# 12ft Lamiglas Vs 15ft Lamiglas



## phamf (Feb 26, 2008)

Theoretically the longer the rod, the more distance, but also you got to have the proper technique to cast both. 

Over here, its seems that more 15ft Lamiglas GSB's are used more often than the 11ft-12.5ft GSB's. 

BTW, Lamiglas offered 3 different configurations for these rods, 1 piece 15ft, 2 piece 15ft, or a GSB1442-1M with a 4ft Graphx extention. 

Any feedback for which is better for distance?


----------



## Mark G (Nov 15, 2004)

It seems like a few guys have tried 15 foot rods in tournaments and wind up placing the reel higher up the rod, still in low position casting, this effectively shorten the rod length, so it negates the extra length.

The theory is that the longer the rod, the longer the arc, and thus the greater the sinker speed upon release.
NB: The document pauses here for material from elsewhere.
(* Let $G_1,G_2$ be cubic graphs, let $c_1\sim c_2$ be proper $3$-edge colorings of $G_1$ and $d_1\sim d_2$ proper $3$-edge colorings of $G_2$. Then $(c_1\,Y\,d_1)\sim(c_2\,Y\,d_2)$ in $G_1\,Y\,G_2$ and $(c_1\,H\,d_1)\sim(c_2\,H\,d_2)$ in $G_1\,H\,G_2$.
   Context: Graphs are finite; multiple edges allowed, loops not. Proper $3$-edge colorings use colors $\{1,2,3\}$, adjacent edges receiving different colors. For colors $a\neq b$, an edge-Kempe chain is a connected component of the subgraph of edges colored $a$ or $b$; an edge-Kempe switch swaps $a,b$ on one chain; $\sim$ denotes equivalence under finite sequences of such switches. Composition Y: choose $v_1\in G_1$ with incident edges $x_j=v_1s_{1j}$ and $v_2\in G_2$ with incident edges $y_j=v_2s_{2j}$ ($j=1,2,3$); $G_1\,Y\,G_2$ deletes $v_1,v_2$ and adds edges $s_{1j}s_{2j}$. Composition H: choose edges $x=s_{11}s_{12}\in G_1$, $y=s_{21}s_{22}\in G_2$; $G_1\,H\,G_2$ deletes $x,y$ and adds $s_{11}s_{21},s_{12}s_{22}$. For proper $3$-edge colorings $c$ of $G_1$, $d$ of $G_2$: let $\hat d$ be obtained from $d$ by a global color permutation with $\hat d(y_j)=c(x_j)$; $c\,Y\,d$ colors $G_1-v_1$ by $c$, $G_2-v_2$ by $\hat d$, and $s_{1j}s_{2j}$ by $c(x_j)$. Let $\tilde d$ be obtained from $d$ by a global color permutation with $\tilde d(y)=c(x)$; $c\,H\,d$ colors $G_1-x$ by $c$, $G_2-y$ by $\tilde d$, and both new edges by $c(x)$. *)

From HB Require Import structures.
From mathcomp Require Import all_boot perm.
From Stdlib Require Import Relations.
This is great, but for practical purposes it boils down to how much rod you can bring around.

I messed around with long shafts in my golf clubs for awhile, under the same reasoning, the longer the shaft the greater the clubhead speed when it strikes the ball- the problem is usually one of control, as the shaft gets longer it becomes increasingly difficult to time everything right and square the clubface at impact, it also requires greater strength to maintain the same hand speed as with a shorter club.

I think the same holds true for casting, the point of diminishing returns is where the length of the rod exceeds our ability to accelerate it. It would be great to be able to measure sinker speed as it leaves the rod tip, or even rod tip speed for that matter. You can buy a little device that measures club head speed in golf, it makes it easy to do A-B comparisons to find the right shaft for you. 

I do not know of a device capable of measuring sinker speed easily and accurately, it would be great if there was one.


----------



## Hudak (Sep 10, 2007)

Sounds like an episode of MythBusters..... High speed camera, black and white stripes on a board....

Robert


----------



## Mark G (Nov 15, 2004)

thekingfeeder said:


> Sounds like an episode of MythBusters..... High speed camera, black and white stripes on a board....
> 
> Robert



It no doubt can be done, just not cheaply and simply, as in the golf analogy- no doubt if "grass" casting was as big a sport as golfing, we'd have all kinds of technology behind us. 

It's easy for a radar to pick up the golf ball which is at rest one second and then explodes off the tee the next. A moving sinker would be far harder to track. OF course average speed could be estimated by timing the cast from point of release to impact with the ground, but that requires taking a lot of variable into the equation (trajectory, wind conditions , etc. Ultimately we need to know the speed at the monent of release, as long as we have everything else right, elevation,timing , etc. we can isolate and work on that single variable.


----------



## terpfan (May 30, 2002)

all depends upon the person who is casting. just like baseball bat size, big guy can handle big heavy bat, but for a small guy i can be negative.


----------